The Unthinking Majority
With another contribution to the quality that is the Capitol Square Crapper, CommieTommie Harkin put his name to an OpEd piece.
Harkin: Constitution's Framers did not envision a 60-vote supermajority
The Ragister allows CommieTommie to justify the changes in the U.S. Senate filibuster rules.
Harkin even harps, as a member of the Senate minority, I first introduced a proposal to reform the filibuster.
It's easy to propose change, whether in the minority or majority, when you know there's no chance for change and the scientific community is united in that fact.
What's telling is Harkin's 2005 reaction, when Republican's were in control and the discussion was about a rule change to obtain an up or down vote on President Bush's judicial nominees.
CommieTommie cried it was, "the end of the Senate as we know it" because it would dash the protections that the Senate has always afforded lawmakers in the minority and, by extension, their constituents.
Hyperbole from a hypocrite.
CommieTommie cites the vision of Framer's of the Constitution for his argument.
The Framer's did not envision a full time CONgress either.
Our American Founding Fathers had envisioned serving in Congress as a part-time job. Citizen legislators would come to Washington a few weeks in the winter (before the beginning of the planting season, because many were active farmers) and tend to the nation's business before going back home to attend to their own business.

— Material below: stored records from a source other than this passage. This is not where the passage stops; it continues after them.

Lemma sum_sqnorm_grad_le : (forall p, has_lbound (range (H p))) ->
  \sum_p sqnorm (grad (H p) x) <= n%:R * (2 * L * (avg H x - n%:R^-1 * \sum_p finf (H p))).
Proof.
move=> H_lb; apply: (@le_trans _ _ (\sum_p 2 * L * (H p x - finf (H p)))).
  by apply: ler_sum => p _; apply: sqnorm_grad_le.
by rewrite -mulr_sumr sumrB /avg -mulrBr mulrCA mulVKf // pnatr_eq0 -lt0n.
Qed.
End GradientGaps.

Lemma step_size_sqr_le (R : realFieldType) n (L gamma : R) : 0 < L -> (0 < n)%N ->
  0 <= gamma -> gamma <= (2 * L * n%:R)^-1 -> gamma ^+ 2 * L ^+ 2 * n%:R ^+ 2 <= 1 / 4.
Proof.
move=> L_gt0 n_gt0 gamma_ge0 gamma_le.
have c_gt0 : 0 < 2 * L * n%:R by rewrite !mulr_gt0 // ltr0n.
have t_le1 : gamma * (2 * L * n%:R) <= 1 by rewrite -ler_pdivlMr // mul1r.
have t_ge0 : 0 <= gamma * (2 * L * n%:R) by rewrite mulr_ge0 // ltW.
have -> : gamma ^+ 2 * L ^+ 2 * n%:R ^+ 2 = (gamma * (2 * L * n%:R)) ^+ 2 / 4 by field.
by rewrite ler_pM2r // expr2 mulr_ile1.
Qed.

Lemma worker_dev_le (R : realType) M n d (m : 'I_M) (L gamma : R)
    (h : 'I_n -> 'rV[R]_d -> R) (xt : 'rV[R]_d) :
  (0 < n)%N -> 0 < L -> (forall p y, differentiable (h p) y) ->
  (forall p, Lsmooth L (h p)) -> has_lbound (range (avg h)) ->
  (forall p, has_lbound (range (h p))) ->
  0 <= gamma -> gamma ^+ 2 * L ^+ 2 * n%:R ^+ 2 <= 1 / 4 ->
  (n%:R * #|{ffun 'I_M -> {perm 'I_n}}|%:R)^-1 *
    \sum_(i < n) \sum_(P : {ffun 'I_M -> {perm 'I_n}})
      sqnorm (xt - rr_iter gamma h (P m) xt i)
  <= 2 * L * gamma ^+ 2 * n%:R ^+ 2 * (avg h xt - finf (avg h))
   + 2 * L * gamma ^+ 2 * n%:R * (avg h xt - n%:R^-1 * \sum_p finf (h p)).
Proof.
move=> n_gt0 L_gt0 h_diff h_smooth avg_lb h_lb gamma_ge0 small_step.
apply: le_trans (avg_sqnorm_dev_le m xt n_gt0 (ltW L_gt0) gamma_ge0 h_smooth small_step) _.
have := lerD (sqnorm_sum_grad_le xt n_gt0 L_gt0 h_diff h_smooth avg_lb)
             (sum_sqnorm_grad_le xt n_gt0 L_gt0 h_diff h_smooth h_lb).
move=> /(ler_wpM2l (sqr_ge0 gamma)) /le_trans; apply.
by rewrite le_eqVlt; apply/orP; left; apply/eqP; ring.
Qed.

Section Gaps.
Variables (R : realType) (M n d : nat) (F : 'I_M -> 'I_n -> 'rV[R]_d -> R) (x : 'rV[R]_d).

Lemma avg_fm_gap :
  M%:R^-1 * \sum_m (fm F m x - finf (fm F m)) = fall F x - finf (fall F) + Delta_star F.
Proof. by rewrite /Delta_star sumrB mulrBr /fall; ring. Qed.
(* Let $S$ be a finite semigroup such that $\equiv_{\mathsf{RM}}$ is the equality relation. Then the minimal degree of a faithful action of $S$ on a set by partial transformations is realized by a semisimple action, i.e., there is a faithful semisimple partial $S$-set of cardinality equal to the least cardinality of a faithful partial $S$-set.
   Context: Semigroups act on the right. For a regular $\mathscr J$-class $J$ (one containing an idempotent): $s\equiv_{\mathsf{RM},J}t$ iff for all $x\in J$, $xs\in J\iff xt\in J$, and if both lie in $J$ then $xs=xt$; $\equiv_{\mathsf{RM}}=\bigcap_J\equiv_{\mathsf{RM},J}$ over regular $J$. A partial $S$-set is a finite set $\Omega$ with a right action by partial maps; faithful means distinct elements act as distinct partial maps. The strong orbit of $\alpha$ is $\mathscr O_\alpha=\{\beta\mid\alpha S^1=\beta S^1\}$; it is transitive if $\mathscr O_\alpha S\cap\mathscr O_\alpha\ne\emptyset$. $\Omega$ is semisimple if every strong orbit is transitive and $S$-invariant (if $\alpha\in\mathscr O$ and $\alpha s$ is defined then $\alpha s\in\mathscr O$). *)

From mathcomp Require Import all_boot.
Set Implicit Arguments. Unset Strict Implicit. Unset Printing Implicit Defensive.

Section Semigroup.
Variables (S : finType) (mul : S -> S -> S).

(* s <=_J t  iff  s in S^1 t S^1 *)
Definition Jle (s t : S) : Prop :=
  s = t \/ (exists x, s = mul x t) \/ (exists y, s = mul t y)
  \/ (exists x y, s = mul (mul x t) y).

Definition Jeq (s t : S) : Prop := Jle s t /\ Jle t s.

Definition idempotent_el (e : S) : Prop := mul e e = e.

(* s ≡_{RM,J} t for J the J-class of j *)
Definition RMJ (j s t : S) : Prop :=
  forall x, Jeq x j ->
    (Jeq (mul x s) j <-> Jeq (mul x t) j) /\
    (Jeq (mul x s) j -> Jeq (mul x t) j -> mul x s = mul x t).

(* ≡_RM : intersection over regular J-classes (those containing an idempotent);
   every regular J-class is the J-class of some idempotent e. *)
Definition RMeq (s t : S) : Prop :=
  forall e, idempotent_el e -> RMJ e s t.

Section PartialSet.
Variables (Omega : finType) (act : Omega -> S -> option Omega).

Definition is_partial_action : Prop :=
  forall a s t, act a (mul s t) = obind (fun b => act b t) (act a s).

Definition faithful : Prop :=
  forall s t, (forall a, act a s = act a t) -> s = t.

Definition reach (a b : Omega) : Prop := a = b \/ exists s, act a s = Some b.

Definition strong_orbit (a b : Omega) : Prop := reach a b /\ reach b a.

Definition orbit_transitive (a : Omega) : Prop :=
  exists b c s, strong_orbit a b /\ strong_orbit a c /\ act b s = Some c.

Definition orbit_invariant (a : Omega) : Prop :=
  forall b s c, strong_orbit a b -> act b s = Some c -> strong_orbit a c.

Definition semisimple : Prop :=
  forall a, orbit_transitive a /\ orbit_invariant a.

End PartialSet.
End Semigroup.

From mathcomp Require Import all_boot.
From mathcomp Require Import boolp.
Set Implicit Arguments. Unset Strict Implicit. Unset Printing Implicit Defensive.

(* Take a faithful partial S-set Omega of least size. Keep the points whose
   strong orbit is transitive and let s act on them only when the image stays
   in the same strong orbit; this is semisimple and no larger than Omega, so
   it suffices that it is still faithful. Suppose s and t act alike on it and
   x J xs J e. By stability of finite semigroups x R xs, say x = (xs)u. If
   g.(xs) = d, then h = g.x satisfies h.s = d and d.u = h, so h and d lie in
   one transitive strong orbit, where s and t agree: g.(xt) = d. By symmetry
   and faithfulness of Omega, xs = xt; thus s and t are RM-equivalent. *)

Lemma eq_option_of_some (T : Type) (o1 o2 : option T) :
  (forall b, o1 = Some b -> o2 = Some b) ->
  (forall b, o2 = Some b -> o1 = Some b) -> o1 = o2.
Proof.
case: o1 => [b|] h12 h21; first by rewrite (h12 b).
by case: o2 h12 h21 => // b _ /(_ b erefl).
Qed.

(* S^1 is encoded as [option S], [None] being the adjoined identity. *)
Section FiniteSemigroup.
Variables (S : finType) (mul : S -> S -> S).
Hypothesis mulA : associative mul.

Definition lmul1 (a : option S) (y : S) : S := if a is Some a then mul a y else y.
Definition rmul1 (y : S) (b : option S) : S := if b is Some b then mul y b else y.
Definition mul1 (a b : option S) : option S :=
  match a, b with
  | Some a, Some b => Some (mul a b)
  | Some a, None => Some a
  | None, b => b
  end.

Lemma rmul1_mul1 y u v : rmul1 (rmul1 y u) v = rmul1 y (mul1 u v).
Proof. by case: u => [u|]; case: v => [v|] //=; rewrite mulA. Qed.

Lemma lmul1_mul1 a c y : lmul1 a (lmul1 c y) = lmul1 (mul1 a c) y.
Proof. by case: a => [a|]; case: c => [c|] //=; rewrite mulA. Qed.

Lemma lmul1_rmul1 a y b : lmul1 a (rmul1 y b) = rmul1 (lmul1 a y) b.
Proof. by case: a => [a|]; case: b => [b|] //=; rewrite mulA. Qed.

Lemma JleP s t : Jle mul s t <-> exists a b, s = rmul1 (lmul1 a t) b.
Proof.
split.
- case=> [->|[[x ->]|[[y ->]|[x [y ->]]]]].
  + by exists None, None.
  + by exists (Some x), None.
  + by exists None, (Some y).
  + by exists (Some x), (Some y).
- case=> [[a|] [[b|] ->]] /=; rewrite /Jle; eauto 6.
Qed.

Lemma Jle_trans s t u : Jle mul s t -> Jle mul t u -> Jle mul s u.
Proof.
move=> /JleP [a [b ->]] /JleP [c [d ->]]; apply/JleP.
exists (mul1 a c), (mul1 d b).
by rewrite lmul1_rmul1 rmul1_mul1 lmul1_mul1.
Qed.

Definition Rle (x y : S) : Prop := exists u, x = rmul1 y u.

Definition rideal (y : S) : {set S} := [set rmul1 y u | u : option S].

Lemma ridealP x y : reflect (Rle x y) (x \in rideal y).
Proof.
apply: (iffP imsetP) => [[u _ ->]|[u ->]]; first by exists u.
by exists u.
Qed.

(* Stability of finite semigroups: x S^1 = a (xs S^1) b is squeezed between
   xs S^1 and a (xs S^1), which cannot be larger than xs S^1. *)
Lemma Rle_of_Jle_mulr x s : Jle mul x (mul x s) -> Rle x (mul x s).
Proof.
set y := mul x s => /JleP [a [b Ex]]; apply/ridealP.
have yx : rideal y \subset rideal x.
  apply/subsetP=> _ /ridealP [u ->]; apply/ridealP.
  by exists (mul1 (Some s) u); rewrite -rmul1_mul1.
have xay : rideal x \subset lmul1 a @: rideal y.
  apply/subsetP=> _ /ridealP [u ->]; apply/imsetP.
  exists (rmul1 y (mul1 b u)); first by apply/ridealP; exists (mul1 b u).
  by rewrite -rmul1_mul1 !lmul1_rmul1 -Ex.
have /eqP -> : rideal y == rideal x.
  by rewrite eqEcard yx (leq_trans (subset_leq_card xay)) ?leq_imset_card.
by apply/ridealP; exists None.
Qed.

Definition right_regular (a : option S) (s : S) : option (option S) :=
  Some (Some (lmul1 a s)).

Lemma right_regular_partial_action : is_partial_action mul right_regular.
Proof. by move=> [a|] s t; rewrite /right_regular //= mulA. Qed.

Lemma right_regular_faithful : faithful right_regular.
Proof. by move=> s t /(_ None) []. Qed.

End FiniteSemigroup.

Section SemisimpleCore.
Variables (S : finType) (mul : S -> S -> S).
Variables (Om : finType) (act : Om -> S -> option Om).
Hypothesis act_mul : is_partial_action mul act.

Definition act1 (a : Om) (u : option S) : option Om :=
  if u is Some u then act a u else Some a.

Lemma act_rmul1 g y u :
  act g (rmul1 mul y u) = obind (act1^~ u) (act g y).
Proof. by case: u => [u|] /=; [rewrite act_mul | case: (act g y)]. Qed.

Lemma reach_act1 a u b : act1 a u = Some b -> reach act a b.
Proof. by case: u => [u|] /= => [h|[->]]; [right; exists u | left]. Qed.

Lemma reach_trans a b c : reach act a b -> reach act b c -> reach act a c.
Proof.
move=> [->|[s hs]] // [<-|[t ht]]; first by right; exists s.
by right; exists (mul s t); rewrite act_mul hs.
Qed.

Lemma strong_orbit_refl a : strong_orbit act a a.
Proof. by split; left. Qed.

Lemma strong_orbit_sym a b : strong_orbit act a b -> strong_orbit act b a.
Proof. by case. Qed.

Lemma strong_orbit_trans a b c :
  strong_orbit act a b -> strong_orbit act b c -> strong_orbit act a c.
Proof. by move=> [ab ba] [bc cb]; split; apply: reach_trans; eauto. Qed.

Lemma orbit_transitive_strong_orbit a b :
  orbit_transitive act a -> strong_orbit act a b -> orbit_transitive act b.
Proof.
move=> [c [d [s [ac [ad cd]]]]] /strong_orbit_sym ba.
by exists c, d, s; split; [|split] => //; apply: strong_orbit_trans ba _.
Qed.

Definition core := {a : Om | `[< orbit_transitive act a >]}.

Definition core_act (a : core) (s : S) : option core :=
  obind (fun b => if `[< strong_orbit act (val a) b >] then insub b else None)
        (act (val a) s).

Lemma core_actP a s b :
  core_act a s = Some b <->
  act (val a) s = Some (val b) /\ strong_orbit act (val a) (val b).
Proof.
rewrite /core_act; split.
- case: (act (val a) s) => [c|] //=; case: asboolP => // ac.
  by case: insubP => // u _ uc [<-]; subst c.
- by case=> -> ab /=; rewrite asboolT // valK.
Qed.

Lemma core_closed_strong_orbit (a : core) b :
  strong_orbit act (val a) b -> `[< orbit_transitive act b >].
Proof.
move=> ab; apply/asboolP/(orbit_transitive_strong_orbit _ ab).
exact/asboolP/(valP a).
Qed.

Lemma core_partial_action : is_partial_action mul core_act.
Proof.
move=> a s t; apply: eq_option_of_some => c.
- move=> /core_actP []; rewrite act_mul.
  case E: (act (val a) s) => [b|] //= bc ac.
  have ab : strong_orbit act (val a) b.
    by split; [right; exists s | apply: reach_trans ac.2; right; exists t].
  have -> : core_act a s = Some (exist _ b (core_closed_strong_orbit ab)).
    exact/core_actP.
  apply/core_actP; split=> //=.
  exact: strong_orbit_trans (strong_orbit_sym ab) ac.
- case E: (core_act a s) => [b|] //= /core_actP [bc bc'].
  move/core_actP: E => [ab ab']; apply/core_actP.
  by rewrite act_mul ab /= bc; split=> //; apply: strong_orbit_trans ab' bc'.
Qed.

Lemma core_strong_orbitE a b :
  strong_orbit core_act a b <-> strong_orbit act (val a) (val b).
Proof.
have reachE a' b' : strong_orbit act (val a') (val b') -> reach core_act a' b'.
  move=> ab; case: (ab) => [[/val_inj ->|[s hs]] _]; first by left.
  by right; exists s; apply/core_actP.
split; last by move=> ab; split; apply: reachE; last apply: strong_orbit_sym.
by case=> [[->|[s /core_actP []]] _] //; apply: strong_orbit_refl.
Qed.

Lemma core_semisimple : semisimple core_act.
Proof.
move=> a; split.
- have /asboolP [b [c [s [ab [ac bc]]]]] := valP a.
  exists (exist _ b (core_closed_strong_orbit ab)).
  exists (exist _ c (core_closed_strong_orbit ac)), s.
  split; [|split]; try exact/core_strong_orbitE.
  apply/core_actP; split=> //=.
  exact: strong_orbit_trans (strong_orbit_sym ab) ac.
- move=> b s c /core_strong_orbitE ab /core_actP [_ bc].
  exact/core_strong_orbitE/(strong_orbit_trans ab).
Qed.

Section Faithfulness.
Hypothesis act_faithful : faithful act.

Section SameCoreAction.
Variables s t : S.
Hypothesis same_core_act : forall a, core_act a s = core_act a t.

Lemma core_act_mul_Rle x u g d :
  x = rmul1 mul (mul x s) u ->
  act g (mul x s) = Some d -> act g (mul x t) = Some d.
Proof.
move=> Ex; rewrite !act_mul; case Eh: (act g x) => [h|] //= hd.
have dh : act1 d u = Some h by rewrite -Eh {1}Ex act_rmul1 act_mul Eh /= hd.
have hd_orbit : strong_orbit act h d.
  by split; [right; exists s | exact: reach_act1 dh].
have th : `[< orbit_transitive act h >].
  by apply/asboolP; exists h, d, s; split; [exact: strong_orbit_refl | split].
have td := core_closed_strong_orbit (a := exist _ h th) hd_orbit.
have : core_act (exist _ h th) s = Some (exist _ d td) by apply/core_actP.
by rewrite same_core_act => /core_actP [/= ->].
Qed.

Lemma Rle_mul_core_act x u :
  x = rmul1 mul (mul x s) u -> x = rmul1 mul (mul x t) u.
Proof.
move=> Ex; apply: act_faithful => g; rewrite act_rmul1.
case Eh: (act g x) => [h|]; last by rewrite act_mul Eh.
move: Eh; rewrite {1}Ex act_rmul1; case Ed: (act g (mul x s)) => [d|] //= dh.
by rewrite (core_act_mul_Rle Ex Ed).
Qed.

End SameCoreAction.

Lemma core_act_mul_eq s t x :
  (forall a, core_act a s = core_act a t) ->
  Rle mul x (mul x s) -> mul x s = mul x t.
Proof.
move=> same [u Ex]; have Ex' := Rle_mul_core_act same Ex.
have same' a : core_act a t = core_act a s by rewrite same.
apply: act_faithful => g; apply: eq_option_of_some => d.
- exact: (core_act_mul_Rle same Ex).
- exact: (core_act_mul_Rle same' Ex').
Qed.

Hypothesis mulA : associative mul.

Lemma RMeq_of_core_act s t :
  (forall a, core_act a s = core_act a t) -> RMeq mul s t.
Proof.
have mulJ_eq s' t' : (forall a, core_act a s' = core_act a t') ->
    forall x j, Jeq mul x j -> Jeq mul (mul x s') j -> mul x s' = mul x t'.
  move=> same x j [xj _] [_ jxs]; apply: core_act_mul_eq same _.
  exact/(Rle_of_Jle_mulr mulA)/(Jle_trans mulA xj jxs).
move=> same e _ x xe; have st := mulJ_eq s t same x e xe.
have ts := mulJ_eq t s (fun a => esym (same a)) x e xe.
split; first by split=> h; [rewrite -(st h) | rewrite -(ts h)].
by move=> h _; apply: st.
Qed.

End Faithfulness.
End SemisimpleCore.

Theorem corollary2p3 (S : finType) (mul : S -> S -> S)
    (mulA : associative mul)
    (hRM : forall s t, RMeq mul s t -> s = t) :
  exists (Omega : finType) (act : Omega -> S -> option Omega),
    [/\ is_partial_action mul act, faithful act, semisimple act &
      forall (Omega' : finType) (act' : Omega' -> S -> option Omega'),
        is_partial_action mul act' -> faithful act' -> #|Omega| <= #|Omega'|].
Proof.
pose faithful_of_card n := exists (Om : finType) (act : Om -> S -> option Om),
  [/\ #|Om| = n, is_partial_action mul act & faithful act].
have exP : exists n, `[< faithful_of_card n >].
  exists #|{: option S}|; apply/asboolP; exists _, (right_regular mul).
  split=> //; [exact: right_regular_partial_action | exact: right_regular_faithful].
case: (ex_minnP exP) => n /asboolP [Om [act [<- act_mul act_faithful]]] n_min.
exists (core act), (core_act (act := act)); split.
- exact: core_partial_action.
- by move=> s t same; apply/hRM/(RMeq_of_core_act act_mul act_faithful mulA).
- exact: core_semisimple.
- move=> Om' act' act'_mul act'_faithful; rewrite card_sig.
  apply: leq_trans (max_card _) (n_min _ _); apply/asboolP.
  by exists Om', act'.
Qed.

In the days of earliest America, Roger Sherman of Connecticut — a signer of the Declaration of Independence — understood the positive aspects of a part-time national legislature. At the Constitutional Convention in 1787, he opined that "Representatives ought to return home and mix with the people. By remaining at the seat of government, they would acquire the habits of the place, which might differ from those of their constituents."
From 1789 to 1815, members of Congress couldn't afford to stay year-round in Washington because they were paid so poorly. Senators and representatives made just a few dollars a day. In 1815, they began receiving $1,500 a year salary. In 1855 that doubled. By 1935, they were making $10,000 a year. But most members of Congress still needed day jobs.
Even into the 1960s, members of Congress "were out of session about as much as they were in, and they had almost no personal and committee staffers assigned to them unless they were senior and powerful," says Larry Sabato, an American history professor at the University of Virginia and director of the university's Center for Politics. It wasn't until the 1970s that members of Congress began seeing their positions as year-round commitments.
The place became packed with lawyers, like Harkin, in the 1970s and that is why you get salaries of $174,000 and legislation you have to pass so that you can find out what is in it.